Range to reproduce from the entries below: the line with "exists m, link_beta ev tau m.", the line with "tau -> pi, false means pi -> tau. *)", and every line in between. Give them exactly and give nothing else.

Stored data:
· · · · · · ·

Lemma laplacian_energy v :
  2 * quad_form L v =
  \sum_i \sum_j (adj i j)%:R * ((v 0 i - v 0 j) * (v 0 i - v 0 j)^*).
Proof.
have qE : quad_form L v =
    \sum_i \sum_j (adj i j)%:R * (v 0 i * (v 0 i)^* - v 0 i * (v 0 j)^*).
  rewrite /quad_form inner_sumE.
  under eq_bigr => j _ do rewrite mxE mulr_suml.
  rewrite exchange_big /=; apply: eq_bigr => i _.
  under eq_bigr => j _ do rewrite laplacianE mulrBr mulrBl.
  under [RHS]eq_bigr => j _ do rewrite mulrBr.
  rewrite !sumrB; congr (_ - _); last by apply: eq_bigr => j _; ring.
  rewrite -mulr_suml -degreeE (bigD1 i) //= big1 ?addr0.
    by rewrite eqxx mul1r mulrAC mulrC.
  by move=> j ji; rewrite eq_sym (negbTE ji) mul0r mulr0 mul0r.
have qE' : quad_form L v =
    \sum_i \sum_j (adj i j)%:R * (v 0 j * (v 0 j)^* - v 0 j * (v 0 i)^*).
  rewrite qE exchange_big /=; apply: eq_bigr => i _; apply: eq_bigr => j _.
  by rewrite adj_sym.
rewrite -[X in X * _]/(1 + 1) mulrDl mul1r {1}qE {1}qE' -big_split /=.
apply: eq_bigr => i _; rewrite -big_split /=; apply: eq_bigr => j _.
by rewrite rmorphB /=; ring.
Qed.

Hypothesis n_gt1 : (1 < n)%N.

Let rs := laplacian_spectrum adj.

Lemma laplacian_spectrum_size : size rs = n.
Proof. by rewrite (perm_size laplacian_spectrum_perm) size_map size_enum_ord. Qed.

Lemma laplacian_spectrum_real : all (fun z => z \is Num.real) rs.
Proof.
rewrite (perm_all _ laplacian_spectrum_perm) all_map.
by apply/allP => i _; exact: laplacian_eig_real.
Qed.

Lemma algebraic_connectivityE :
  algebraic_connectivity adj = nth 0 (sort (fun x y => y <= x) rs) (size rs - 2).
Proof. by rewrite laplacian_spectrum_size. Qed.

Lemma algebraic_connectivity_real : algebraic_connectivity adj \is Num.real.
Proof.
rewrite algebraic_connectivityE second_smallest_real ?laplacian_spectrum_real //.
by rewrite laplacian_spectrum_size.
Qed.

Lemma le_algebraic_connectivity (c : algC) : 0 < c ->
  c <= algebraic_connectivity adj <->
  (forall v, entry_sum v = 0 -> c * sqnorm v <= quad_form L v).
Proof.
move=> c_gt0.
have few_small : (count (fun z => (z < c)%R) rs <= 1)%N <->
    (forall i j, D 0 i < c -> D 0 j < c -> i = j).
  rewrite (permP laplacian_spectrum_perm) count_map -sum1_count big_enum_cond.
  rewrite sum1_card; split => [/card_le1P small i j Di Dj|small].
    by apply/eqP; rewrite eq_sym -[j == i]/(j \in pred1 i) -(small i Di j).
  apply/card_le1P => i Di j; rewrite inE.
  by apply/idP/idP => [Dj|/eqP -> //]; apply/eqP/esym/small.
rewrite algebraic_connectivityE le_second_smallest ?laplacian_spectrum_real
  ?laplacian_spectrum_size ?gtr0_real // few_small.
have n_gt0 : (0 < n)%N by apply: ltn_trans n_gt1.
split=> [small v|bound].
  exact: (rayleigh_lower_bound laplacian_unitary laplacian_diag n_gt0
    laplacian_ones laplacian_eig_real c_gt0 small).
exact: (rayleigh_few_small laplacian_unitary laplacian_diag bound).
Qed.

· · · · · · ·

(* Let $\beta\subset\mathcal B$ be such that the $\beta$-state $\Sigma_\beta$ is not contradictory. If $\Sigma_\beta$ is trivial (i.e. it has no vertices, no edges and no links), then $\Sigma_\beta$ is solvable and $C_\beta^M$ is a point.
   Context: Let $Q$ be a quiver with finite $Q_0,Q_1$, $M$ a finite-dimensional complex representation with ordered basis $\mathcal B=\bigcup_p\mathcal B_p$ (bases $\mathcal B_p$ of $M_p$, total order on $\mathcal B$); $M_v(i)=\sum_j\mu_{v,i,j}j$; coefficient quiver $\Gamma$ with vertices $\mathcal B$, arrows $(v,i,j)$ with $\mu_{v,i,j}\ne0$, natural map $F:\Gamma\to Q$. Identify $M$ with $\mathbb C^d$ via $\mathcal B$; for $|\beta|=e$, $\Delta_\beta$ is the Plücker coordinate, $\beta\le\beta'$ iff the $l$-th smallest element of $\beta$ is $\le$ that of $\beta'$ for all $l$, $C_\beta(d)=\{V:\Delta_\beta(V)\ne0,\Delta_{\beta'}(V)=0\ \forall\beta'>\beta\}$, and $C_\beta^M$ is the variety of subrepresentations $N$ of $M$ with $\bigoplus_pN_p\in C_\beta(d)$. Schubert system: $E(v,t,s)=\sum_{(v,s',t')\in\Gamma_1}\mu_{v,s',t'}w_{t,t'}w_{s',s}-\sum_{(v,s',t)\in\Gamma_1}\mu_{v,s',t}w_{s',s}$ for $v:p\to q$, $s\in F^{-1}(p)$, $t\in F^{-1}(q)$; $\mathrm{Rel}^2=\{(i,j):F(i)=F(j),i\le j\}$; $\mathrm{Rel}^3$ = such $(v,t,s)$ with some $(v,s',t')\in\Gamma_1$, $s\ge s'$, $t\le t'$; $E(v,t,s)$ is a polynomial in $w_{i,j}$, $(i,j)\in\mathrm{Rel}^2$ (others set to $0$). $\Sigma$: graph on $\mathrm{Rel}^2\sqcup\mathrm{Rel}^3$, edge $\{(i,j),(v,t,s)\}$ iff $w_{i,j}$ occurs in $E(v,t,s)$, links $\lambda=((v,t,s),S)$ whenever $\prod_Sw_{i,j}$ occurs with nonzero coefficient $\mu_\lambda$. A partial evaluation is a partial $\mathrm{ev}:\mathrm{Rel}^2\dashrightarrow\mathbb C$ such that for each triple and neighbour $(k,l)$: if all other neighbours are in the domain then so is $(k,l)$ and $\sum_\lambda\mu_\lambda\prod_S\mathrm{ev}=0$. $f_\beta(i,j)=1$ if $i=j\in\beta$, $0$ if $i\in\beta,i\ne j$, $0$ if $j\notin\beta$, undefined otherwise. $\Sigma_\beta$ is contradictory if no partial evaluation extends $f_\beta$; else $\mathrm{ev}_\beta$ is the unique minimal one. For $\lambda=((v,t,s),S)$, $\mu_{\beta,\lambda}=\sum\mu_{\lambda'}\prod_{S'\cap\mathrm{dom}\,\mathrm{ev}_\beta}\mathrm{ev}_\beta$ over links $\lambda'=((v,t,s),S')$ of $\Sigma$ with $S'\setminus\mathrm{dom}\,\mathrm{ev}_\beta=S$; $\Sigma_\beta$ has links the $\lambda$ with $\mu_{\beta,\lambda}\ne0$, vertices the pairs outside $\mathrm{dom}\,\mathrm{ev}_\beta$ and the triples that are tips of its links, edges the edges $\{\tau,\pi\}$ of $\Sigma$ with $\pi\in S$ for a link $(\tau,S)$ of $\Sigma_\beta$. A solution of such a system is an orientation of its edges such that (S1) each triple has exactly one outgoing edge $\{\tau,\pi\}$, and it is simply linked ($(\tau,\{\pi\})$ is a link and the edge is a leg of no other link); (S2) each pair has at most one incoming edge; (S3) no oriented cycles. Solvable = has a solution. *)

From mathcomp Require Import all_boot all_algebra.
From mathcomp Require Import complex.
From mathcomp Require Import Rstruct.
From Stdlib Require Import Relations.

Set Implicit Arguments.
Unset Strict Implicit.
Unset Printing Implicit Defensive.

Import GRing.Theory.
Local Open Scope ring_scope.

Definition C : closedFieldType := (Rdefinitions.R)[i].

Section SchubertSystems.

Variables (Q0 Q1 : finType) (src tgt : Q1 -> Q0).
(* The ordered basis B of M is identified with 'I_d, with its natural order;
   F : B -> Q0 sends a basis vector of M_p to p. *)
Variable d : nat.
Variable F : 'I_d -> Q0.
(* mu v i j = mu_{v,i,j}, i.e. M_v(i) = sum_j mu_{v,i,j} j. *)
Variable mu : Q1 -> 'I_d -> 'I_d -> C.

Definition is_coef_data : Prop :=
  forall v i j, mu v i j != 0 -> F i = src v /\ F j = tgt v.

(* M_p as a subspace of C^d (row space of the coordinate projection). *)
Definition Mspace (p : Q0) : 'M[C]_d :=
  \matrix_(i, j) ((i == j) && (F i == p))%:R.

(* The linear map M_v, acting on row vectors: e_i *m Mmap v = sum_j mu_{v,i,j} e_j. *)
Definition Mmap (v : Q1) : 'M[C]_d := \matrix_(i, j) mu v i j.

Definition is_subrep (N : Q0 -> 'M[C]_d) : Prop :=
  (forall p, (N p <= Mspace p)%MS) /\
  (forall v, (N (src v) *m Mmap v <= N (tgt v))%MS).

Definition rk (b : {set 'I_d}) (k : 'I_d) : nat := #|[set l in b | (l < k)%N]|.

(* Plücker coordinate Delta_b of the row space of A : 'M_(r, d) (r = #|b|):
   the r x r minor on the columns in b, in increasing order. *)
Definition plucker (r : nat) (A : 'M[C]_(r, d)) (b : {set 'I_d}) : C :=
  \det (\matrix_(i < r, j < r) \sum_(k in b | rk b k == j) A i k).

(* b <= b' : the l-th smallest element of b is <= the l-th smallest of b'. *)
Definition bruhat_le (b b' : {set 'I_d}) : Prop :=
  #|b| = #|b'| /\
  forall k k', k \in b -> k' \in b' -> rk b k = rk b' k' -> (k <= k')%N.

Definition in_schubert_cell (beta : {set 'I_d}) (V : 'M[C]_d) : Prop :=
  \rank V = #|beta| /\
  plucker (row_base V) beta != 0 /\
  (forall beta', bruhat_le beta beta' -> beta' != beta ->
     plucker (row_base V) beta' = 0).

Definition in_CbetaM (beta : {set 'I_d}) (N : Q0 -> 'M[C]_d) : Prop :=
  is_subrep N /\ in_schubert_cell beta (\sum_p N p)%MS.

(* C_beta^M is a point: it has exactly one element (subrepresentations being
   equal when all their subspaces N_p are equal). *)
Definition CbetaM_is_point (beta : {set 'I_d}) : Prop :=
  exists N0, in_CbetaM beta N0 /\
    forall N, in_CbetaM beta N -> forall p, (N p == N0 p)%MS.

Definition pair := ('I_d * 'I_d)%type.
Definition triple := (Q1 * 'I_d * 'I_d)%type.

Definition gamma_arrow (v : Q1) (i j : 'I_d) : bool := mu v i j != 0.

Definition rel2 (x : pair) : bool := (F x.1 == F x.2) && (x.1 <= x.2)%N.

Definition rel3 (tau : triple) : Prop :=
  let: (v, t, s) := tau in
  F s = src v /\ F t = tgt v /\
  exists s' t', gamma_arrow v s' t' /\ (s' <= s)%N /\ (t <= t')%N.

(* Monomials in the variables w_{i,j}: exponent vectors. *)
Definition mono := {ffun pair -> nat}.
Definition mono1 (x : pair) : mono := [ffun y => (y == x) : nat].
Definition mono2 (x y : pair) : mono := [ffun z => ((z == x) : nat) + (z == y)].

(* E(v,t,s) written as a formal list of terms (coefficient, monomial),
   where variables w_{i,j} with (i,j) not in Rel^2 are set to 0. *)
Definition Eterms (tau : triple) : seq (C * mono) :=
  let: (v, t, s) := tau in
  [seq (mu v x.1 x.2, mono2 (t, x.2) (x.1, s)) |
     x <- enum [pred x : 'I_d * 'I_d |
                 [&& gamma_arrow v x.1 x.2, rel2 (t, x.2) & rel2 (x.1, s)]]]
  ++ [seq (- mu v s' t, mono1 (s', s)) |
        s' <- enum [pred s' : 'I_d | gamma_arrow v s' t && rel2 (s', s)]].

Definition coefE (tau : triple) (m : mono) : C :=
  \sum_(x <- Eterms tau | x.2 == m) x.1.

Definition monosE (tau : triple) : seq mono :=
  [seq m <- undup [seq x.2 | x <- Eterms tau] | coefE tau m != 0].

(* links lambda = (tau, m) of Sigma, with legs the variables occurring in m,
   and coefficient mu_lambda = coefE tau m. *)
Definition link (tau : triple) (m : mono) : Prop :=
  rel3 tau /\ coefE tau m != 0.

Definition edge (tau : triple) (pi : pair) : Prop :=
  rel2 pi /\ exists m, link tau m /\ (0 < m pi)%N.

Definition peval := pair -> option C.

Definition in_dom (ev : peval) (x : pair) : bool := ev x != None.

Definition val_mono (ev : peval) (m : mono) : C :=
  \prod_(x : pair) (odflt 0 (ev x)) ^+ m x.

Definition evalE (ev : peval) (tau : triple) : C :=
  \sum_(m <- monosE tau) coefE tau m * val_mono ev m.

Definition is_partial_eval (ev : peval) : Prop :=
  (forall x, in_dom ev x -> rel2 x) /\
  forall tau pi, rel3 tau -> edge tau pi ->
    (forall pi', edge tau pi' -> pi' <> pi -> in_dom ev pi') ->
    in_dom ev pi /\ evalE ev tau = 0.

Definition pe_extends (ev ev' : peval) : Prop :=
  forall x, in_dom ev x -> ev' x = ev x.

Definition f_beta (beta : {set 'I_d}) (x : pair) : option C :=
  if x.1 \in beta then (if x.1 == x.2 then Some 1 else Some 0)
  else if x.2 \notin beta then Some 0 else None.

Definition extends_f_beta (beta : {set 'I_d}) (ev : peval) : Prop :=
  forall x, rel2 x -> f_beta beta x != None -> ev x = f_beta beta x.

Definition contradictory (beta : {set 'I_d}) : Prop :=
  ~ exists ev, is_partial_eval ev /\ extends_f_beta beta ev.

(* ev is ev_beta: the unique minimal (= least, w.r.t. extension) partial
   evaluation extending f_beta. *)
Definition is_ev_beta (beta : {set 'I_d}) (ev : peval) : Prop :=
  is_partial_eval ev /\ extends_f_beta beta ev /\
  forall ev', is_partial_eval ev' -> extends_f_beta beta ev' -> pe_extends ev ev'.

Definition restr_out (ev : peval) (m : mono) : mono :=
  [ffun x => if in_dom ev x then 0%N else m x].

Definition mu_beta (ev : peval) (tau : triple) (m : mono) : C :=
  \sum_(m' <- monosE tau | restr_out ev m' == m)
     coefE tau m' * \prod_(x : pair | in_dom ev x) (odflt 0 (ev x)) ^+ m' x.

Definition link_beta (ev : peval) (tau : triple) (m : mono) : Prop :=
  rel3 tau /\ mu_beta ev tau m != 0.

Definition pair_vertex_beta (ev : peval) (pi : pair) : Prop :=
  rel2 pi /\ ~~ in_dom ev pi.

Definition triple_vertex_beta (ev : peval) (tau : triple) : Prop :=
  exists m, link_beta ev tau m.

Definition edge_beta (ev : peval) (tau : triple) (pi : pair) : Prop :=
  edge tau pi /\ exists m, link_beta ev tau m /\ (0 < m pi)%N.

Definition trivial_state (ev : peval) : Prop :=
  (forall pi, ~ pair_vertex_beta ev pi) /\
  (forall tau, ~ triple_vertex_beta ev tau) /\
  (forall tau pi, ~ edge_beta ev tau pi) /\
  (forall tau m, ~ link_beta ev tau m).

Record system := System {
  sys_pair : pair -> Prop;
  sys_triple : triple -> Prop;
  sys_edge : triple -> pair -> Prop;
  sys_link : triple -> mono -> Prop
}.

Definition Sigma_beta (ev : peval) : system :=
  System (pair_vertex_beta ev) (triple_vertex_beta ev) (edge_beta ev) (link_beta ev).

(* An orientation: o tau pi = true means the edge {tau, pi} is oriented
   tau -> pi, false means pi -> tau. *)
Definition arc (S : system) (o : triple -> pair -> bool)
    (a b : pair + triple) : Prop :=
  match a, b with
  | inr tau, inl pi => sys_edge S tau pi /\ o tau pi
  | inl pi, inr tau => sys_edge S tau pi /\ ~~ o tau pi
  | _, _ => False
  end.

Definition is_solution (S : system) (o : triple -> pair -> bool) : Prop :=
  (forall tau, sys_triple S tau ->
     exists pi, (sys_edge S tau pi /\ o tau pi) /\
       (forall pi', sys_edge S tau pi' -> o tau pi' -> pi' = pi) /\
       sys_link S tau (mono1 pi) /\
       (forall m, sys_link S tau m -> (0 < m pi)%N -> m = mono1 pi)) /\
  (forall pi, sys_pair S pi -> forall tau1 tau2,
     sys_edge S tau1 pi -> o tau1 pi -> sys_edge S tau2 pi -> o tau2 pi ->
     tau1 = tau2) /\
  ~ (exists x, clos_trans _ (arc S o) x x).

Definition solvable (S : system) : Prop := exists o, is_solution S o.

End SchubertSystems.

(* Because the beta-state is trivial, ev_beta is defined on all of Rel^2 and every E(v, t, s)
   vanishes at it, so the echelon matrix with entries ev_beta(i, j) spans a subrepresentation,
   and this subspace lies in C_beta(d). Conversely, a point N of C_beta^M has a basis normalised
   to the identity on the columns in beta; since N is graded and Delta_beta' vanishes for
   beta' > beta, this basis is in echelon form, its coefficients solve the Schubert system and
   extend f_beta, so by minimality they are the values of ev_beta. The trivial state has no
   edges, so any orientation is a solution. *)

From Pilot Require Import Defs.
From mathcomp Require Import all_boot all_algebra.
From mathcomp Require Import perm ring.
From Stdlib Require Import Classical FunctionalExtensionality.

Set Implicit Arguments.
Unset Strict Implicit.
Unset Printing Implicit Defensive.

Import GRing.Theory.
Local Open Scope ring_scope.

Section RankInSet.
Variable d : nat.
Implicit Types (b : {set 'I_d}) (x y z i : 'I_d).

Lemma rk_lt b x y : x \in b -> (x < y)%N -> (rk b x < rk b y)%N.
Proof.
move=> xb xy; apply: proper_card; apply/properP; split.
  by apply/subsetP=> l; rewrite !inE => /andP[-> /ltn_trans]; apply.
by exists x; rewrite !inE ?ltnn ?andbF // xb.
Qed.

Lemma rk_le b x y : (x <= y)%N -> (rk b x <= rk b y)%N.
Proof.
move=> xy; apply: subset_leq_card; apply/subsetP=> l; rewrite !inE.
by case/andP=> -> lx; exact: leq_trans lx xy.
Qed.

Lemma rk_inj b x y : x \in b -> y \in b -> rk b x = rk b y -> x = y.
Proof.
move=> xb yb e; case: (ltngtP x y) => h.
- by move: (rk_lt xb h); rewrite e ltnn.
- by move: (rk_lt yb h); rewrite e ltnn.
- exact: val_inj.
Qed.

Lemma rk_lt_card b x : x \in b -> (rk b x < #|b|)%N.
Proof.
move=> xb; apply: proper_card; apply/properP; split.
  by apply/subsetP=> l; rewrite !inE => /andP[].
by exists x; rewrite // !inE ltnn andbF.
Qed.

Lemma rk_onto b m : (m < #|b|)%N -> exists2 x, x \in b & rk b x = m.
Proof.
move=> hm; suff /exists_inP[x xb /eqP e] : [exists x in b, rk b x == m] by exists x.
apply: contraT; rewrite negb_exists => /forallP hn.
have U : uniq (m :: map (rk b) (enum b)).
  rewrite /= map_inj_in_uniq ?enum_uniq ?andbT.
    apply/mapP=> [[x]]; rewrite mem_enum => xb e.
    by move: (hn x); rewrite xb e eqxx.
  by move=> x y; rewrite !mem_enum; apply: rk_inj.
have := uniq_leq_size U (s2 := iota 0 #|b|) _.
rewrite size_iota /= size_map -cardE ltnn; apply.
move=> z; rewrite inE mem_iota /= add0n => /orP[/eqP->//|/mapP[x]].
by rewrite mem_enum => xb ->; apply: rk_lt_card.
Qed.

· · · · · · ·

• _Answer area_
  exists m, link_beta ev tau m.

Definition edge_beta (ev : peval) (tau : triple) (pi : pair) : Prop :=
  edge tau pi /\ exists m, link_beta ev tau m /\ (0 < m pi)%N.

Definition trivial_state (ev : peval) : Prop :=
  (forall pi, ~ pair_vertex_beta ev pi) /\
  (forall tau, ~ triple_vertex_beta ev tau) /\
  (forall tau pi, ~ edge_beta ev tau pi) /\
  (forall tau m, ~ link_beta ev tau m).

Record system := System {
  sys_pair : pair -> Prop;
  sys_triple : triple -> Prop;
  sys_edge : triple -> pair -> Prop;
  sys_link : triple -> mono -> Prop
}.

Definition Sigma_beta (ev : peval) : system :=
  System (pair_vertex_beta ev) (triple_vertex_beta ev) (edge_beta ev) (link_beta ev).

(* An orientation: o tau pi = true means the edge {tau, pi} is oriented
   tau -> pi, false means pi -> tau. *)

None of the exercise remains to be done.